(* Let $G=GL(\infty,F_2)\ltimes F_2^\infty$. The only normal subgroups of $G$ are $\{e\}$, $F_2^\infty$ and $G$.
   Context: $F_2$ is the field with two elements and $F_2^\infty=\bigoplus_{\mathbb N}F_2$ is the space of finitely supported column vectors (standard basis $e_1,e_2,\dots$), regarded as an abelian group under addition. $GL(\infty,F_2)$ is the group of invertible $\mathbb N\times\mathbb N$ matrices $M$ over $F_2$ with $M_{ij}\neq\delta_{ij}$ for only finitely many $(i,j)$, acting on $F_2^\infty$ by matrix multiplication. $G=GL(\infty,F_2)\ltimes F_2^\infty$ is the semidirect product with $gvg^{-1}=g(v)$ (this group is isomorphic to $\mathrm{Aut}_{\mathrm{fin}}(\mathbb Z_2^\infty)\ltimes\mathbb Z_2^\infty$). *)

From HB Require Import structures.
From mathcomp Require Import all_boot all_order all_algebra.
From mathcomp Require Import boolp classical_sets functions cardinality fsbigop.
Set Implicit Arguments. Unset Strict Implicit. Unset Printing Implicit Defensive.
Import GRing.Theory.
Local Open Scope classical_set_scope.
Local Open Scope ring_scope.

Notation F2 := 'F_2.

(* N x N matrices and column vectors over F_2 (indices start at 0). *)
Definition infmx := nat -> nat -> F2.
Definition infvec := nat -> F2.

Definition mx1 : infmx := fun i j => (i == j)%:R.

Definition finitary (M : infmx) : Prop :=
  finite_set [set ij : nat * nat | M ij.1 ij.2 != mx1 ij.1 ij.2].

Definition finsupp (v : infvec) : Prop := finite_set [set i | v i != 0].

Definition mxmul (A B : infmx) : infmx :=
  fun i j => \sum_(k \in [set: nat]) A i k * B k j.
Definition mxact (A : infmx) (v : infvec) : infvec :=
  fun i => \sum_(k \in [set: nat]) A i k * v k.
Definition vadd (v w : infvec) : infvec := fun i => v i + w i.
Definition v0 : infvec := fun _ => 0.

Definition GLinf (M : infmx) : Prop :=
  finitary M /\ exists M', finitary M' /\ mxmul M M' = mx1 /\ mxmul M' M = mx1.

(* G = GL(infinity,F_2) |x F_2^infinity; the element (M, v) stands for v.M,
   so that (M,v)(M',v') = v M v' M' = v (M v' M^-1) M M' = (M M', v + M v'). *)
Definition Gt := (infmx * infvec)%type.
Definition inG (g : Gt) : Prop := GLinf g.1 /\ finsupp g.2.
Definition Gmul (g h : Gt) : Gt := (mxmul g.1 h.1, vadd g.2 (mxact g.1 h.2)).
Definition Ge : Gt := (mx1, v0).

(* Normal subgroups of G (inverses expressed through the group law). *)
Definition normal_subgroup (N : set Gt) : Prop :=
  [/\ N `<=` inG, N Ge,
      (forall a b, N a -> N b -> N (Gmul a b)),
      (forall a b, N a -> inG b -> Gmul a b = Ge -> N b) &
      (forall a g h, N a -> inG g -> inG h -> Gmul g h = Ge ->
                      N (Gmul (Gmul g a) h))].

Definition Vsub : set Gt := [set g | inG g /\ g.1 = mx1].

(* A nonzero translation in N, conjugated by an elementary transvection t_ab = 1 + e_a e_b^T and
   added back to itself, yields a basis vector e_a; hence N contains F_2^oo. If (M, v) in N has
   M <> 1, its commutator with a suitable translation e_j is a nonzero translation, and its
   commutator with t_pq, for q outside the support of M, is a transvection 1 + u e_q^T, which one
   more commutator turns into an elementary transvection. The Steinberg relation
   [t_ab, t_bc] = t_ac then puts every t_ab in N, and Gaussian elimination writes every finitary
   invertible matrix as a product of elementary transvections, so N = G. *)

From mathcomp Require Import all_boot all_algebra.
From mathcomp Require Import boolp classical_sets cardinality fsbigop.
Set Implicit Arguments. Unset Strict Implicit. Unset Printing Implicit Defensive.
Import GRing.Theory.
Local Open Scope classical_set_scope.
Local Open Scope ring_scope.

Lemma F2_cases (x : F2) : x = 0 \/ x = 1.
Proof. case: x => [[|[|n]] Hn]; [left|right|by []]; exact/val_inj. Qed.

Lemma F2_addrr (x : F2) : x + x = 0.
Proof. by case: (F2_cases x) => ->; apply/val_inj. Qed.

Lemma F2_neq_addr (x y : F2) : x <> y -> x + y = 1.
Proof. by case: (F2_cases x) => ->; case: (F2_cases y) => -> //; move=> _; apply/val_inj. Qed.

Lemma F2_addr_eq0 (x y : F2) : x + y = 0 -> x = y.
Proof. by case: (F2_cases x) => ->; case: (F2_cases y) => -> //; move/(congr1 val). Qed.

Section NatFsum.
Variable R : nmodType.
Implicit Types F : nat -> R.

Lemma fsum_nat_ord m F : (forall k, (m <= k)%N -> F k = 0) ->
  \sum_(k \in [set: nat]) F k = \sum_(k < m) F k.
Proof.
move=> F0; rewrite fsbig_ord; apply/esym/fsbig_widen => // k [_].
by move=> /negP; rewrite /= -leqNgt => /F0.
Qed.

Lemma fsum_nat1 i F : (forall k, k != i -> F k = 0) ->
  \sum_(k \in [set: nat]) F k = F i.
Proof.
move=> F0; rewrite -(fsbig_widen [set i]) ?fsbig_set1 // => k [_ ki].
by apply: F0; apply/eqP.
Qed.

Lemma fsum_nat2 i j F : i != j -> (forall k, k != i -> k != j -> F k = 0) ->
  \sum_(k \in [set: nat]) F k = F i + F j.
Proof.
move=> ij F0; rewrite (fsum_nat_ord (m := (maxn i j).+1)); last first.
  by move=> k; rewrite gtn_max => /andP[ik jk]; apply: F0; rewrite neq_ltn ?ik ?jk orbT.
have lti : (i < (maxn i j).+1)%N by rewrite ltnS leq_maxl.
have ltj : (j < (maxn i j).+1)%N by rewrite ltnS leq_maxr.
rewrite (bigD1 (Ordinal lti)) // (bigD1 (Ordinal ltj)) /=; last first.
  by rewrite -(inj_eq val_inj) /= eq_sym.
rewrite big1 ?addr0 // => k /andP[ki kj].
by apply: F0; [move: ki | move: kj]; apply: contra => /eqP e; apply/eqP/val_inj.
Qed.

End NatFsum.

(** * Matrices bounded by m *)

Definition bnd_mx m (A : infmx) :=
  forall i j, (m <= i)%N \/ (m <= j)%N -> A i j = mx1 i j.
Definition bnd_vec m (v : infvec) := forall k, (m <= k)%N -> v k = 0.

Lemma mx1_eq i : mx1 i i = 1. Proof. by rewrite /mx1 eqxx. Qed.
Lemma mx1_neq i j : i != j -> mx1 i j = 0. Proof. by rewrite /mx1 => /negbTE ->. Qed.

Lemma bnd_mx_mono m n A : (m <= n)%N -> bnd_mx m A -> bnd_mx n A.
Proof. by move=> mn Am i j [h|h]; apply: Am; [left|right]; apply: leq_trans h. Qed.

Lemma bnd_vec_mono m n v : (m <= n)%N -> bnd_vec m v -> bnd_vec n v.
Proof. by move=> mn vm k h; apply: vm; apply: leq_trans h. Qed.

Lemma bnd_mx1 m : bnd_mx m mx1. Proof. by []. Qed.

Lemma finitary_bnd A : finitary A -> exists m, bnd_mx m A.
Proof.
move=> /finite_seqP [s Es]; exists (\max_(x <- s) maxn x.1 x.2).+1 => i j ij.
apply/eqP; apply: contraT => Aij.
have : [set` s] (i, j) by rewrite -Es.
move=> /(leq_bigmax_seq (P := xpredT) (F := fun x : nat * nat => maxn x.1 x.2)) /(_ isT).
rewrite /= geq_max => /andP[im jm].
by case: ij; rewrite leqNgt ltnS ?im ?jm.
Qed.

Lemma bnd_mx_finitary m A : bnd_mx m A -> finitary A.
Proof.
move=> Am; apply: (sub_finite_set _ (finite_seq [seq (i, j) | i <- iota 0 m, j <- iota 0 m])).
move=> [i j] /= /eqP Aij; apply/allpairsP; exists (i, j); split => //=;
  rewrite mem_iota /= ltnNge; apply/negP => h; apply: Aij; apply: Am; by [left|right].
Qed.

Lemma finsupp_bnd v : finsupp v -> exists m, bnd_vec m v.
Proof.
move=> /finite_seqP [s Es]; exists (\max_(x <- s) x).+1 => k km.
apply/eqP; apply: contraT => vk.
have : [set` s] k by rewrite -Es.
by move=> /(leq_bigmax_seq (P := xpredT) (F := id)) /(_ isT) /= /(leq_trans km); rewrite ltnn.
Qed.

Lemma bnd_vec_finsupp m v : bnd_vec m v -> finsupp v.
Proof.
move=> vm; apply: (sub_finite_set _ (finite_seq (iota 0 m))) => k /= /eqP vk.
by rewrite mem_iota /= ltnNge; apply/negP => h; apply: vk; apply: vm.
Qed.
--------------------------------
[Your goal]:
Your task is to restate, word for word, only those lines above that fall between the line holding "forall i j, (m" and the line holding "Lemma mx1_neq i", inclusive.

[Your solution]:
  forall i j, (m <= i)%N \/ (m <= j)%N -> A i j = mx1 i j.
Definition bnd_vec m (v : infvec) := forall k, (m <= k)%N -> v k = 0.

Lemma mx1_eq i : mx1 i i = 1. Proof. by rewrite /mx1 eqxx. Qed.
Lemma mx1_neq i j : i != j -> mx1 i j = 0. Proof. by rewrite /mx1 => /negbTE ->. Qed.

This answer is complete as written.